Incident in Summer 2018

Conflicts in the English Channel between French and British fishermen appeared to die down for several years due to the French and British fishing industries coming to agreements about how many scallops should be taken each year. However, in late August 2018 the issue was reignited and returned to national attention. Media outlets across the UK reported that five British fishing boats were confronted by a much larger number of French vessels when fishing for scallops, once again in the Bay of Seine. The French fishermen shouted insults and then threw rocks and smoke bombs at the British vessels, causing damage to the boats and smashed windows. At least one British vessels, the Scottish dredger Honeybourne 3 collided with French boats, although no injuries were reported.

The incident was sparked by British fishermen legally taking scallops from an area just outside of French waters. The French fishermen claimed that the British fishermen were “pillaging” scallop stocks, but Mike Park, chief executive of the Scottish White Fish Producers Association, told the BBC:

[The fishermen are] fully entitled to be there. UK vessels can enter that French zone, it’s not illegal.

Following the incident Barrie Deas, the chief executive of the UK’s National Federation of Fishermen’s Organisations, said to the BBC that that the issue should be resolved by “talking around the table, not on the high seas where people could be hurt.” However, he also said that the issue had been raised with the government and that British fishermen in the area would be asking for protection for British vessels which were “fishing legitimately.”

The Guardian reported that Normany fishermen’s chief Dimitri Rogoff said that the British treated the Bay of Seine scallop stocks like an “open bar” adding “they fish when they want, where they want, and as much as they want.” In the same Guardian article Mr Rogoff also said that English, Scottish and Irish boats had increased their scallop catches in recent years and that British boats were much larger than French boats and used industrial methods such as dredging and freezing catches on board, unlike the French vessels which used more low-impact methods to take scallops.
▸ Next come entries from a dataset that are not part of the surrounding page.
(* Let $n\geq 3$, $p,q>0$ with $pq>1$, $\alpha\in(0,n)$ and $\sigma_1,\sigma_2\in[0,\alpha)$, and consider the system $$u(x)=\int_{\mathbb{R}^n}\frac{v(y)^q}{|x-y|^{n-\alpha}|y|^{\sigma_1}}\,dy,\qquad v(x)=\int_{\mathbb{R}^n}\frac{u(y)^p}{|x-y|^{n-\alpha}|y|^{\sigma_2}}\,dy,\qquad x\in\mathbb{R}^n.$$ (i) If $u,v$ are bounded and decaying positive solutions of this system, then there exists a constant $C>0$ such that, as $|x|\to\infty$, $u(x)\leq C|x|^{-q_0}$ and $v(x)\leq C|x|^{-p_0}$. (ii) Suppose $q\geq p$ and $\sigma_1\geq\sigma_2$, and let $u,v$ be positive solutions of the system. Then there exists a constant $c>0$ such that, as $|x|\to\infty$, $$u(x)\geq \frac{c}{|x|^{n-\alpha}}\quad\text{and}\quad v(x)\geq \frac{c}{|x|^{\min\{n-\alpha,\ p(n-\alpha)-(\alpha-\sigma_2)\}}}.$$
   Context: A positive solution is a pair of positive functions $u,v$ on $\mathbb{R}^n$ satisfying both equations. Define $$p_0=\frac{\alpha(1+p)-(\sigma_2+\sigma_1p)}{pq-1},\qquad q_0=\frac{\alpha(1+q)-(\sigma_1+\sigma_2q)}{pq-1}.$$ The notation $f(x)\simeq g(x)$ means that there exist constants $c,C>0$ with $cg(x)\leq f(x)\leq Cg(x)$ as $|x|\to\infty$. A positive solution $u,v$ is called decaying if $u(x)\simeq|x|^{-\theta_1}$ and $v(x)\simeq|x|^{-\theta_2}$ for some $\theta_1,\theta_2>0$. *)

From HB Require Import structures.
From mathcomp Require Import all_boot all_order all_algebra.
From mathcomp Require Import all_classical all_reals all_analysis.
Set Implicit Arguments. Unset Strict Implicit. Unset Printing Implicit Defensive.
Import Order.TTheory GRing.Theory Num.Theory.
Import numFieldNormedType.Exports.
Local Open Scope classical_set_scope.
Local Open Scope ring_scope.

Definition enorm (R : realType) (n : nat) (x : 'rV[R]_n) : R :=
  Num.sqrt (\sum_(i < n) x ord0 i ^+ 2).

Definition setc (R : realType) (n : nat) (x : 'rV[R]_n) (k : nat) (t : R)
  : 'rV[R]_n := \row_(j < n) (if (j : nat) == k then t else x ord0 j).

Fixpoint iint (R : realType) (n : nat) (k : nat) (f : 'rV[R]_n -> \bar R)
  (x : 'rV[R]_n) : \bar R :=
  match k with
  | O => f x
  | S k' => (\int[@lebesgue_measure R]_(t in setT) iint k' f (setc x k' t))%E
  end.

(* Lebesgue integral over R^n of a nonnegative (Borel measurable) function,
   computed as the iterated integral (Tonelli). *)
Definition lebint (R : realType) (n : nat) (f : 'rV[R]_n -> \bar R) : \bar R :=
  iint n f 0.

Definition borel_fun (R : realType) (n : nat) (f : 'rV[R]_n -> R) : Prop :=
  forall B : set R, measurable B ->
    <<s [set U : set 'rV[R]_n | open U] >> (f @^-1` B).

Definition kern (R : realType) (n : nat) (alpha sigma r : R)
  (w : 'rV[R]_n -> R) (x y : 'rV[R]_n) : R :=
  powR (w y) r / (powR (enorm (x - y)) (n%:R - alpha) * powR (enorm y) sigma).

Definition pos_solution (R : realType) (n : nat) (p q alpha s1 s2 : R)
  (u v : 'rV[R]_n -> R) : Prop :=
  (forall x, 0 < u x) /\ (forall x, 0 < v x) /\ borel_fun u /\ borel_fun v /\
  (forall x, (u x)%:E = lebint (fun y => (kern alpha s1 q v x y)%:E)) /\
  (forall x, (v x)%:E = lebint (fun y => (kern alpha s2 p u x y)%:E)).

Definition asymp_eq (R : realType) (n : nat) (f g : 'rV[R]_n -> R) : Prop :=
  exists c C r0 : R, 0 < c /\ 0 < C /\
    forall x, r0 < enorm x -> c * g x <= f x /\ f x <= C * g x.

Definition decaying (R : realType) (n : nat) (u v : 'rV[R]_n -> R) : Prop :=
  exists th1 th2 : R, 0 < th1 /\ 0 < th2 /\
    asymp_eq u (fun x => powR (enorm x) (- th1)) /\
    asymp_eq v (fun x => powR (enorm x) (- th2)).

Definition p0 (R : realType) (p q alpha s1 s2 : R) : R :=
  (alpha * (1 + p) - (s2 + s1 * p)) / (p * q - 1).
Definition q0 (R : realType) (p q alpha s1 s2 : R) : R :=
  (alpha * (1 + q) - (s1 + s2 * q)) / (p * q - 1).

From HB Require Import structures.
From mathcomp Require Import all_boot all_order all_algebra.
From mathcomp Require Import all_classical all_reals all_analysis.
From mathcomp Require Import measurable_realfun.
From mathcomp Require Import ring lra.
Set Implicit Arguments. Unset Strict Implicit. Unset Printing Implicit Defensive.
Import Order.TTheory GRing.Theory Num.Theory.
Import numFieldNormedType.Exports.
Local Open Scope classical_set_scope.
Local Open Scope ring_scope.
Both of these issues had played a role in reigniting the conflict over scallops, according to Mr Rogoff.

Future Issues

The Scallop Conflict shows the ways in which European nations can come into conflict over the rights to fish in waters which because of the European Union’s Common Fisheries Policy are shared between different nations. It is easy to see both sides of the argument – British fishermen were doing nothing illegal by dredging for scallops fifteen miles off the coast of France, but the outrage of the French fishermen is understandable when seeing scallop beds on the edge of their waters which they are working to conserve being depleted.

For the French fishermen the reality is that the current regulations mean that British fishermen are doing nothing wrong and the French only have the legal authority to police fishing within twelve miles of the French coastline. Beyond this point EU and Common Fisheries Policy regulations apply and as long as British fishermen are observing these (and there is absolutely no evidence that they are not) then the British fishermen have every right to take scallops from this area and the French have no legal right to attempt to stop them.

Britain’s proposed exit from the EU may offer some way of ending the conflict. French fishermen have welcomed a no deal Brexit as that will mean that British scallop boats will be treated as a third party and would have no right to enter the zone in the Bay of Seine which is the source of the current conflict. However, pro-Brexit fishing organisation Fishing for Leave has pointed out that a huge proportion of the French fishing industries catch comes from Britian’s territorial waters which they would be banned from fishing in if the UK leaves the European Union without a deal.

This article was originally written in 2013 and updated in 2018. Further updates will be added as further developments take place.